Cai Xuan, Bi Jing-Tao, Zheng Zhi-Xue, Liu Ya-Qi
Department of General Surgery, Beijing Jishuitan Hospital, Beijing 100035, China.
World J Clin Cases. 2022 Oct 26;10(30):11037-11043. doi: 10.12998/wjcc.v10.i30.11037.
Alimentary tract duplication (ATD) is a rare congenital anomaly. Thus, a case of ATD with a complete colonic duplication isolated in the abdominal cavity with a fistula and multiple malformations is very distinctive. These characteristics show the variability of this disease and explain why it tends to be challenging to diagnose and treat.

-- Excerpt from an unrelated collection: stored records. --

Lemma is_RInt_step (u : nat -> R) (h : R) :
  0 <= h -> is_RInt (fun x => u (Defs.nfloor x)) 0 h (step_integral u h).
Proof.
  intros Hh.
  assert (Hnat : forall N, is_RInt (fun x => u (Defs.nfloor x)) 0 (INR N) (sum_lt u N)).
  { induction N as [|N IH].
    - apply (is_RInt_point (V := R_NormedModule)).
    - rewrite S_INR. cbn [sum_lt].
      replace (sum_lt u N + u N) with (sum_lt u N + (INR N + 1 - INR N) * u N) by ring.
      apply (is_RInt_Chasles _ _ _ _ _ _ IH), is_RInt_step_unit. lra. }
  pose proof (nfloor_bounds h Hh).
  apply (is_RInt_Chasles _ _ _ _ _ _ (Hnat (Defs.nfloor h))), is_RInt_step_unit. lra.
Qed.

Lemma RInt_step (u : nat -> R) (h : R) :
  0 <= h -> RInt (fun x => u (Defs.nfloor x)) 0 h = step_integral u h.
Proof. intros Hh. apply is_RInt_unique, is_RInt_step, Hh. Qed.

Lemma step_integral_le (u v : nat -> R) (h : R) : 0 <= h ->
  (forall n, (n <= Defs.nfloor h)%nat -> u n <= v n) -> step_integral u h <= step_integral v h.
Proof.
  intros Hh Huv. pose proof (nfloor_bounds h Hh). unfold step_integral.
  assert (sum_lt u (Defs.nfloor h) <= sum_lt v (Defs.nfloor h))
    by (apply sum_lt_le_compat; intros; apply Huv; lia).
  assert (u (Defs.nfloor h) <= v (Defs.nfloor h)) by (apply Huv; lia).
  nra.
Qed.

Lemma step_integral_affine (u : nat -> R) (a b h : R) :
  step_integral (fun n => a * u n + b) h = a * step_integral u h + h * b.
Proof. unfold step_integral. rewrite sum_lt_affine. ring. Qed.

Lemma ex_RInt_of_unit_pieces (f : R -> R) (h : R) :
  (forall n : nat, ex_RInt f (INR n) (INR n + 1)) -> 0 <= h -> ex_RInt f 0 h.
Proof.
  intros Hpiece Hh.
  assert (Hnat : forall N, ex_RInt f 0 (INR N)).
  { induction N as [|N IH]; [apply ex_RInt_point|].
    rewrite S_INR. exact (ex_RInt_Chasles _ _ _ _ IH (Hpiece N)). }
  pose proof (nfloor_bounds h Hh).
  apply (ex_RInt_Chasles _ _ _ _ (Hnat (Defs.nfloor h))).
  apply (ex_RInt_Chasles_1 (V := R_CompleteNormedModule) _ _ _ (INR (Defs.nfloor h) + 1));
    [lra| apply Hpiece].
Qed.

Lemma step_integral_le_of_partial_sums (u v : nat -> R) (delta h : R) :
  0 <= h -> 0 <= delta -> h * delta <= 1 -> (forall n, 0 <= v n) ->
  (forall n, u n <= 2 * v n + 2 * delta * sum_lt v n) ->
  step_integral u h <= 4 * step_integral v h.
Proof.
  intros Hh Hdelta Hhdelta Hv Hu.
  set (P := sum_lt v (Defs.nfloor h)).
  assert (HP : 0 <= P) by (apply sum_lt_nonneg, Hv).
  assert (HPT : P <= step_integral v h).
  { pose proof (nfloor_bounds h Hh). pose proof (Hv (Defs.nfloor h)).
    unfold step_integral. fold P. nra. }
  apply Rle_trans with (step_integral (fun n => 2 * v n + 2 * delta * P) h).
  - apply step_integral_le; [exact Hh|]. intros n Hn.
    pose proof (Hu n).
    assert (delta * sum_lt v n <= delta * P)
      by (apply Rmult_le_compat_l; [exact Hdelta| exact (sum_lt_le_mono _ _ _ Hv Hn)]).
    lra.
  - rewrite step_integral_affine. nra.
Qed.

Lemma rpow_pos (x b : R) : 0 < x -> rpow x b = Rpower x b.
Proof. intros Hx. unfold rpow. destruct (Rle_dec x 0); [lra| reflexivity]. Qed.

Lemma rpow_nonpos (x b : R) : x <= 0 -> rpow x b = 0.
Proof. intros Hx. unfold rpow. destruct (Rle_dec x 0); [reflexivity| lra]. Qed.

Lemma rpow_nonneg (x b : R) : 0 <= rpow x b.
Proof. unfold rpow. destruct (Rle_dec x 0); [apply Rle_refl| left; apply exp_pos]. Qed.

Lemma rpow_le_compat (x y b : R) : 0 <= b -> 0 <= x <= y -> rpow x b <= rpow y b.
Proof.
  intros Hb Hxy. destruct (Req_dec x 0) as [->|Hx0].
  - rewrite rpow_nonpos by lra. apply rpow_nonneg.
  - rewrite !rpow_pos by lra. apply Rle_Rpower_l; lra.
Qed.

Lemma rpow_continuous (b : R) (x : R) : 0 < b -> continuous (fun t => rpow t b) x.
Proof.
  intros Hb. apply continuity_pt_filterlim.
  destruct (Rtotal_order x 0) as [Hx|[->|Hx]].
  - apply continuity_pt_locally_ext with (fun _ => 0) (- x);
      [lra| |apply continuity_pt_const; now intros ? ?].
    intros y Hy. unfold Rdist in Hy. apply Rabs_def2 in Hy. rewrite rpow_nonpos; lra.
  - intros eps Heps. exists (Rpower eps (/ b)). split; [apply exp_pos|].
    intros y [_ Hy]. simpl in *. unfold Rdist in *.
    rewrite (rpow_nonpos 0) by lra. rewrite Rminus_0_r in *.
    destruct (Rle_or_lt y 0) as [Hy0|Hy0].
    + rewrite rpow_nonpos, Rabs_R0 by lra. exact Heps.
    + rewrite rpow_pos, Rabs_pos_eq by (try left; try apply exp_pos; lra).
      rewrite Rabs_pos_eq in Hy by lra.
      replace eps with (Rpower (Rpower eps (/ b)) b)
        by (rewrite Rpower_mult, Rinv_l, Rpower_1; lra).
      apply Rlt_Rpower_l; lra.
  - apply continuity_pt_locally_ext with (fun t => Rpower t b) x; [lra| |].
    + intros y Hy. unfold Rdist in Hy. apply Rabs_def2 in Hy. rewrite rpow_pos; lra.
    + apply derivable_continuous_pt. exists (b * Rpower x (b - 1)).
      apply derivable_pt_lim_power; lra.
Qed.
(* In the standing setting described in the context, there exist constants $B_0,C_0$ such that for all $j\in\mathbb{N}$ and all $\vec x\in\mathbb{C}^d$, $$|m_0((A^\tau)^{-j}\vec x)|\le\Big(1+C_0\min\big(1,\tfrac{|\vec x|}{\beta^j}\big)\Big)\exp\Big(\tfrac{B_0|\mathfrak{Im}(\vec x)|}{\beta^j}\Big).$$
   Context: $\vec x\circ\vec y=\sum_j x_j\overline{y_j}$ for $\vec x,\vec y\in\mathbb{C}^d$; $|\cdot|$ is the Euclidean norm; $\mathfrak{Im}(\vec x)\in\mathbb{R}^d$ is the imaginary part of $\vec x$. $A^\tau$ is the transpose; expansive means all eigenvalues have modulus $>1$. $\beta=\|(A^\tau)^{-1}\|^{-1}$, where $\|\cdot\|$ is the operator norm on the Euclidean space $\mathbb{C}^d$. Standing setting: $A$ is a $d\times d$ expansive integral matrix with $|\det A|=2$ such that $A\mathbb{Z}^d=A^\tau\mathbb{Z}^d$, and $\vec\ell_A,\vec q_A\in\mathbb{Z}^d$ satisfy: $\mathbb{Z}^d=(\vec\ell_A+A\mathbb{Z}^d)\dot\cup A\mathbb{Z}^d$; $\vec q_A\circ A\mathbb{Z}^d\subseteq2\mathbb{Z}$, $\vec q_A\circ(\vec\ell_A+A\mathbb{Z}^d)\subseteq2\mathbb{Z}+1$; for $\vec m\in A\mathbb{Z}^d$, $\vec n\in\mathbb{Z}^d$: $\mathbb{Z}^d=(\vec n-A\mathbb{Z}^d)\dot\cup(\vec\ell_A-\vec m-\vec n+A\mathbb{Z}^d)$; for $\vec m\in\vec\ell_A+A\mathbb{Z}^d$, $\vec n\in\mathbb{Z}^d$: $\vec n-A\mathbb{Z}^d=\vec\ell_A-\vec m-\vec n+A\mathbb{Z}^d$. The complex numbers $\{h_{\vec n}\}$ satisfy $\sum_{\vec n}h_{\vec n}\overline{h_{\vec n+\vec k}}=\delta_{\vec0,\vec k}$ ($\vec k\in A\mathbb{Z}^d$), $\sum_{\vec n}h_{\vec n}=\sqrt2$, and vanish outside $\Lambda_0=\mathbb{Z}^d\cap[-N_0,N_0]^d$. $m_0(\vec t)=\frac1{\sqrt2}\sum_{\vec n\in\Lambda_0}h_{\vec n}e^{-i\vec n\circ\vec t}$ for $\vec t\in\mathbb{C}^d$. *)

From HB Require Import structures.
From mathcomp Require Import all_boot all_order all_algebra.
From mathcomp Require Import boolp classical_sets reals sequences exp trigo.
From mathcomp Require Import complex.
Set Implicit Arguments. Unset Strict Implicit. Unset Printing Implicit Defensive.
Import Order.TTheory GRing.Theory Num.Theory.
Local Open Scope ring_scope.
Local Open Scope complex_scope.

A 25-year-old woman with a history of a fistula opening in her right hip since birth presented with the irregular discharge of foul fluid from the fistula and intermittent abdominal pain. Contrast-enhanced computed tomography and magnetic resonance imaging findings revealed a duplicated tube isolated in her abdominal pelvic cavity along with a pelvic malformation and double ureter. Right foot radiographic examination showed pes cavus. During surgery, the tube appeared to be an almost complete colonic structure and was verified to be connected to the fistula. All of the involved tissue and fistula were removed, and the defect in the pelvic floor was closed by suturing after surgery. After 8 mo, the postoperative follow-up has been uneventful.
ATD may be a differential diagnosis in sinus tract cases. Laparoscopy combined with open surgery is a viable treatment option.
消化道重复畸形(ATD)是一种罕见的先天性异常。因此,一例孤立于腹腔内、伴有瘘管和多种畸形的完全性结肠重复畸形病例非常独特。这些特征显示了该疾病的变异性,并解释了为何其诊断和治疗往往具有挑战性。
一名25岁女性,自出生以来右髋部有瘘口,现出现瘘管有恶臭液体不规则流出及间歇性腹痛。增强计算机断层扫描和磁共振成像结果显示,在其腹腔盆腔内有一个孤立的重复管道,同时伴有盆腔畸形和双输尿管。右脚X线检查显示高弓足。手术中,该管道似乎是一个几乎完整的结肠结构,经证实与瘘管相连。术后切除了所有受累组织和瘘管,并通过缝合关闭了盆底缺损。8个月后,术后随访情况良好。
ATD可能是窦道病例的鉴别诊断之一。腹腔镜联合开放手术是一种可行的治疗选择。